ISSUE SURROUNDING MANDATORY MEDIATION

Mandatory mediation compels parties to attempt to mediate in certain pre-decided forms of cases. However, as the quintessence of mediation is voluntariness, it has been frequently argued that when parties are compelled to attempt to mediate, nonetheless compelled to settle, the voluntary decision making of the parties is abated. Mediation can be mandated through three popular methods. The first method is through legislative schemes providing for the compulsory referral of cases on  certain matters to mediation. The second method, well-known  as ‘court-referred mediation’, allows the courts to refer certain cases to mediation irrespective of the consent of the parties.  The third method, known as quasi-compulsory mediation, through which mediation is indirectly mandated by the imposition of costs if a party refuses to undertake mediation before  instituting a suit. The demand to incorporate the  three methods of mediation within a single legislation has led to the creation of a separate mediation law in India, the Mediation Bill, 2021 (hereinafter ‘the Bill’). Section 6 of the Bill, which provides for the institution of mandatory pre-litigation mediation in civil and commercial matters has yet again raised the  argument of robbing parties of their voluntariness. Continually, at great length, mandatory mediation has been called an oxymoron and an ‘antithesis of mediation’. Although mandating mediation in a phased manner for certain classes of disputes may prove to be beneficial, in the same vein, the same allegedly detracts parties off their consent by coercing them to mediate before approaching courts.

ANALYSING VOLUNTARINESS

Coercion Within and not Into Mediation

Nolan Haey has defined consent as  an integral part of mediation. He defines two types of consent as being fundamental to mediation, particularly, ‘front-end participation consent’ and ‘back-end outcome consent’. In simpler terms, they disentangle as ‘compulsion to mediate and compulsion to settle’. Although the former may result in escalating the latter, it is imperative to understand the innate variance between the the two. Section 6 of the  Bill postulates a pre-litigatory form of mandatory mediation. This provision makes it mandatory, in civil matters to compulsorily opt for mediation before filing a suit in any civil court, notwithstanding an agreement for the same. However, an analysis of the above-mentioned provision  discloses that the essence of the mandate  here is limited to a compulsion to enter into mediation rather than compelling a settlement. Such compulsion is merely limited to attempting mediation rather than forcing a settlement. Section 6  in its unerring essence would construe as an attempt to mediate rather than forcing parties for a settlement through mediation. Additionally, in consonance with Turkey’s meditation law and section 12A of the Commercial Courts Act, the present bill allows parties to approach courts for interim relief, circumventing the need for  parties to compulsorily attempt mediation in exceptional circumstances. Section 8(1) of the bill ensures the liberty of the parties to approach appropriate courts for interim relief before and during the continuation of mediation proceedings.

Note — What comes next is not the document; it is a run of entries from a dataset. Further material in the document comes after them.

(* Let $X$ be a real Banach space with $\dim X\ge 2$. Then $J(X)\,S_P(X)\ge C'_{NJ}(X)-1$.
   Context: For a real Banach space $X$ with unit sphere $S_X$, the P-angle constant is $S_P(X)=\sup\left\{\frac{\|x+y\|^2+\|x-y\|^2-4}{2\|x+y\|\,\|x-y\|}: x,y\in S_X,\ x\neq \pm y\right\}$. The James constant is $J(X)=\sup\{\min\{\|x+y\|,\|x-y\|\}: x,y\in S_X\}$, and the modified von Neumann–Jordan constant is $C'_{NJ}(X)=\sup\left\{\frac{\|x+y\|^2+\|x-y\|^2}{4}: x,y\in S_X\right\}$. *)

From HB Require Import structures.
From mathcomp Require Import all_boot all_order all_algebra.
From mathcomp Require Import all_classical all_reals all_analysis.
Set Implicit Arguments. Unset Strict Implicit. Unset Printing Implicit Defensive.
Import Order.TTheory GRing.Theory Num.Theory.
Import numFieldNormedType.Exports.
Local Open Scope classical_set_scope.
Local Open Scope ring_scope.

Definition P_angle_const (R : realType) (X : normedModType R) : \bar R :=
  ereal_sup [set r : \bar R | exists x y : X,
    [/\ `|x| = 1, `|y| = 1, x <> y, x <> - y &
     r = ((`|x + y| ^+ 2 + `|x - y| ^+ 2 - 4) / (2 * `|x + y| * `|x - y|))%:E]].

Definition James_const (R : realType) (X : normedModType R) : \bar R :=
  ereal_sup [set r : \bar R | exists x y : X,
    [/\ `|x| = 1, `|y| = 1 &
     r = (Num.min `|x + y| `|x - y|)%:E]].

Definition mod_vNJ_const (R : realType) (X : normedModType R) : \bar R :=
  ereal_sup [set r : \bar R | exists x y : X,
    [/\ `|x| = 1, `|y| = 1 &
     r = ((`|x + y| ^+ 2 + `|x - y| ^+ 2) / 4)%:E]].

From HB Require Import structures.
From mathcomp Require Import all_boot all_order all_algebra.
From mathcomp Require Import all_classical all_reals all_analysis.
From mathcomp Require Import ring lra.
Import Order.TTheory GRing.Theory Num.Theory.
Import numFieldNormedType.Exports.
Local Open Scope ring_scope.

(* For unit vectors x, y with a = |x + y|, b = |x - y| and x <> +-y one has
   (a^2 + b^2)/4 - 1 = (ab/2) P(x, y), where P(x, y) is the quotient defining
   S_P(X), and ab/2 <= min(a, b) because a, b <= 2.  So every value in the
   supremum defining C'_NJ(X) - 1 is at most J(X) S_P(X), provided both
   constants are nonnegative.  S_P(X) >= 0 needs a pair
   with a^2 + b^2 >= 4: fixing a unit e and moving a unit u continuously from
   u_0 to -u_0 inside a two-dimensional subspace, the intermediate value
   theorem yields |e + u| = |e - u| =: c; the pair (e, u) works if c^2 >= 2,
   and the pair ((e + u)/c, (e - u)/c) otherwise. *)

Lemma sumsq_div4_sub1_le_min_mul (R : realFieldType) (a b : R) :
  0 < a -> 0 < b -> a <= 2 -> b <= 2 -> 4 <= a ^+ 2 + b ^+ 2 ->
  (a ^+ 2 + b ^+ 2) / 4 - 1 <=
    Num.min a b * ((a ^+ 2 + b ^+ 2 - 4) / (2 * a * b)).
Proof.
move=> a0 b0 a2 b2 ab4.
set P := (a ^+ 2 + b ^+ 2 - 4) / (2 * a * b).
have P0 : 0 <= P by rewrite divr_ge0 ?subr_ge0 // !mulr_ge0 ?ltW.
have -> : (a ^+ 2 + b ^+ 2) / 4 - 1 = (a * b / 2) * P.
  by rewrite /P; field; rewrite !gt_eqF.
by rewrite ler_wpM2r // le_min; apply/andP; split; nra.
Qed.

Section NormedSpace.
Context {R : realType} {X : normedModType R}.

Lemma two_le_normD_normB (x y : X) : `|x| = 1 -> 2 <= `|x + y| + `|x - y|.
Proof.
move=> hx; have -> : 2 = `|(x + y) + (x - y)|.
  by rewrite addrACA subrr addr0 -mulr2n normrMn hx.
exact: ler_normD.
Qed.

Lemma normD_le2 (x y : X) : `|x| = 1 -> `|y| = 1 -> `|x + y| <= 2.
Proof. by move=> hx hy; rewrite (le_trans (ler_normD _ _)) // hx hy. Qed.

Lemma normB_le2 (x y : X) : `|x| = 1 -> `|y| = 1 -> `|x - y| <= 2.
Proof. by move=> hx hy; apply: normD_le2; rewrite ?normrN. Qed.

Lemma James_const_ge0 (e : X) : `|e| = 1 -> (0%:E <= James_const X)%E.
Proof.
move=> he; apply: le_ereal_sup_tmp; exists (Num.min `|e + e| `|e - e|)%:E.
  by exists e, e.
by rewrite lee_fin subrr normr0 le_min normr_ge0 lexx.
Qed.

Lemma P_angle_const_ge0_of_pair (x y : X) :
  `|x| = 1 -> `|y| = 1 -> x <> y -> x <> - y ->
  4 <= `|x + y| ^+ 2 + `|x - y| ^+ 2 -> (0%:E <= P_angle_const X)%E.
Proof.
move=> hx hy xy xNy h4; apply: le_ereal_sup_tmp.
exists ((`|x + y| ^+ 2 + `|x - y| ^+ 2 - 4) / (2 * `|x + y| * `|x - y|))%:E.
  by exists x, y.
by rewrite lee_fin divr_ge0 ?subr_ge0 // !mulr_ge0.
Qed.

Lemma P_angle_const_ge0_of_isosceles (x y : X) :
  `|x| = 1 -> `|y| = 1 -> `|x + y| = `|x - y| -> (0%:E <= P_angle_const X)%E.
Proof.
move=> hx hy hab; have := two_le_normD_normB x y hx.
rewrite -hab; set c := `|x + y| => c1.
have c0 : 0 < c by lra.
have [c2|c2] := leP 2 (c ^+ 2).
  apply: (P_angle_const_ge0_of_pair x y hx hy).
  - by move=> exy; move: hab; rewrite -/c exy subrr normr0 => c_0; lra.
  - by move=> exy; move: c0; rewrite /c exy addNr normr0 ltxx.
  - by rewrite -hab -/c; lra.
(* u + v = 2x/c and u - v = 2y/c, so this pair has a^2 + b^2 = 8/c^2 > 4. *)
pose u := c^-1 *: (x + y); pose v := c^-1 *: (x - y).
have nu : `|u| = 1 by rewrite normrZ ger0_norm ?invr_ge0 ?ltW // mulVf ?gt_eqF.
have nv : `|v| = 1 by rewrite normrZ ger0_norm ?invr_ge0 ?ltW // -hab mulVf ?gt_eqF.
have uDv : `|u + v| = 2 / c.
  rewrite -scalerDr addrACA subrr addr0 normrZ ger0_norm ?invr_ge0 ?ltW //.
  by rewrite -mulr2n normrMn hx mulrC.
have uBv : `|u - v| = 2 / c.
  rewrite -scalerBr opprB addrC addrA subrK normrZ ger0_norm ?invr_ge0 ?ltW //.
  by rewrite -mulr2n normrMn hy mulrC.
have q0 : 0 < 2 / c by rewrite divr_gt0.
apply: (P_angle_const_ge0_of_pair u v nu nv).
- by move=> euv; move: uBv; rewrite euv subrr normr0 => q; lra.
- by move=> euv; move: uDv; rewrite euv addNr normr0 => q; lra.
- rewrite uDv uBv; suff : 2 <= (2 / c) ^+ 2 by lra.
  by rewrite expr_div_n ler_pdivlMr ?exprn_gt0 // [2 ^+ 2]expr2; lra.
Qed.

Lemma continuous_normalize {T : topologicalType} (w : T -> X) :
  continuous w -> (forall t, w t != 0) -> continuous (fun t => `|w t|^-1 *: w t).
Proof.
move=> cw w0 t.
have cn : {for t, continuous (fun t => `|w t|)}.
  exact: continuous_comp (cw t) (@norm_continuous _ _ _).
apply: (@continuousZ _ _ _ (fun t => `|w t|^-1) w t); last exact: cw.
by apply: continuousV; rewrite ?normr_eq0.
Qed.

Lemma exists_isosceles_unit_pair (x y : X) :
  (forall a b : R, a *: x + b *: y = 0 -> a = 0 /\ b = 0) ->
  exists e u : X, [/\ `|e| = 1, `|u| = 1 & `|e + u| = `|e - u|].
Proof.
move=> indep.
have x0 : x != 0.
  apply/eqP => x_0; have := indep 1 0; rewrite x_0 scaler0 scale0r addr0.
  by case=> // /eqP; rewrite oner_eq0.
pose w (t : R) := (1 - t * t) *: x + t *: y.
have w0 t : w t != 0.
  by apply/eqP => /indep [+ t0]; rewrite t0 mulr0 subr0; lra.
have cw : continuous w.
  move=> t; have cq : {for t, continuous (fun t : R => 1 - t * t)}.
    by apply: continuousB; [exact: cst_continuous | apply: continuousM].
  by apply: cvgD; [exact: continuousZr_tmp cq | exact: continuousZr_tmp cvg_id].
pose e := `|x|^-1 *: x; pose u t := `|w t|^-1 *: w t.
pose f t := `|e + u t| - `|e - u t|.
have cf : continuous f.
  move=> t; have cu := continuous_normalize w cw w0 t.
  have cDu : {for t, continuous (fun r => `|e + u r|)}.
    apply: continuous_comp (@norm_continuous _ _ _).
    by apply: continuousD => //; exact: cst_continuous.
  have cBu : {for t, continuous (fun r => `|e - u r|)}.
    apply: continuous_comp (@norm_continuous _ _ _).
    by apply: continuousB => //; exact: cst_continuous.
  exact: cvgB cDu cBu.
have uN1 : u (-1) = - u 1.
  rewrite /u /w mulrNN mulr1 subrr !scale0r !add0r scaleN1r normrN.
  by rewrite scale1r scalerN.
have fN1 : f (-1) = - f 1 by rewrite /f uN1 opprK opprB addrC.
have [c _ fc] : exists2 c, c \in `[-1, 1] & f c = 0.
  apply: IVT; [lra | exact: continuous_subspaceT |].
  rewrite fN1 ge_min le_max oppr_le0 oppr_ge0.
  by rewrite [X in _ && X]orbC andbb le_total.
exists e, (u c); split; [exact: normfZV | exact: normfZV |].
by move: fc; rewrite /f; lra.
Qed.

Lemma P_angle_const_ge0 (x y : X) :
  (forall a b : R, a *: x + b *: y = 0 -> a = 0 /\ b = 0) ->
  (0%:E <= P_angle_const X)%E.
Proof.
move=> /exists_isosceles_unit_pair [e [u [ne nu hab]]].
exact: P_angle_const_ge0_of_isosceles e u ne nu hab.
Qed.

Lemma vNJ_value_sub1_le_James_mul_P (x y : X) :
  `|x| = 1 -> `|y| = 1 ->
  (0%:E <= James_const X)%E -> (0%:E <= P_angle_const X)%E ->
  (((`|x + y| ^+ 2 + `|x - y| ^+ 2) / 4 - 1)%:E <=
    James_const X * P_angle_const X)%E.
Proof.
move=> hx hy J0 S0.
have a2 := normD_le2 x y hx hy; have b2 := normB_le2 x y hx hy.
have a0 := normr_ge0 (x + y); have b0 := normr_ge0 (x - y).
set a := `|x + y| in a2 a0 *; set b := `|x - y| in b2 b0 *.
have [le0|gt0] := leP ((a ^+ 2 + b ^+ 2) / 4 - 1) 0.
  by apply: le_trans (mule_ge0 J0 S0); rewrite lee_fin.
have ap : 0 < a by rewrite lt_neqAle a0 andbT; apply/eqP => a_0; nra.
have bp : 0 < b by rewrite lt_neqAle b0 andbT; apply/eqP => b_0; nra.
have xy : x <> y by move=> exy; move: bp; rewrite /b exy subrr normr0 ltxx.
have xNy : x <> - y by move=> exy; move: ap; rewrite /a exy addNr normr0 ltxx.
set P := (a ^+ 2 + b ^+ 2 - 4) / (2 * a * b).
have ab4 : 4 <= a ^+ 2 + b ^+ 2 by lra.
have P0 : 0 <= P by rewrite divr_ge0 ?subr_ge0 // !mulr_ge0 ?ltW.
apply: (@le_trans _ _ (Num.min a b * P)%:E).
  by rewrite lee_fin sumsq_div4_sub1_le_min_mul.
rewrite EFinM lee_pmul ?lee_fin ?le_min ?a0 //.
- by apply: le_ereal_sup_tmp; exists (Num.min a b)%:E => //; exists x, y.
- by apply: le_ereal_sup_tmp; exists P%:E => //; exists x, y.
Qed.

End NormedSpace.

Theorem mainTheorem5 (R : realType) (X : completeNormedModType R)
  (hdim : exists x y : X, forall a b : R, a *: x + b *: y = 0 -> a = 0 /\ b = 0) :
  (mod_vNJ_const X - 1%:E <= James_const X * P_angle_const X)%E.
Proof.
have [x [y indep]] := hdim.
have [e [_ [ne _ _]]] := exists_isosceles_unit_pair x y indep.
have J0 := James_const_ge0 e ne.
have S0 := P_angle_const_ge0 x y indep.
rewrite leeBlDr //; apply: ge_ereal_sup => _ [u [v [nu nv ->]]].
by rewrite -leeBlDr // -EFinB vNJ_value_sub1_le_James_mul_P.
Qed.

One of the premier advantages of mandatory mediation, as divulged by Hutchinson is that it gradually produces skilled mediators resulting in ameliorating the quality of mediators and improving the legal health of the country. However, it is equally believed that inducing mandatory mediation instead of making the option of mediating voluntary depletes the process of its benefits. Within this frame of reference, it is imperative to understand that party autonomy and consent are limited to ‘within mediation’ and not ‘into mediation’. This boils down to the fact that the essence of mediation would not be destroyed if the parties reach a mediated settlement, even though the initiation was involuntary . Thereby, it would be farfetched to assume that mandating an attempt to mediate would rob parties of their voluntariness completely. The Bill through an ‘opt out’ clause has ensured that parties do not face any form of coercion post attempting mediation. Section 20(1) of the Bill fundamentally necessitates two formal meetings of the parties with the mediator at the beginning of the mediation proceedings. This is to be followed by an easy procedure to step out of the proceedings without arriving at a settlement agreement. This straightforward ‘opt out’ provision rules out the prospect of any form of coercion on the parties and ensures that the parties have the free-will to leave the mediation proceedings after the mandatory element has been fulfilled.


(Deborshi and Anirudh are law undergraduates at Symbiosis Law School, Noida. The author(s) may be contacted via email at sarkardeborshi@gmail.com and/ or anirudhkrishna29801@gmail.com)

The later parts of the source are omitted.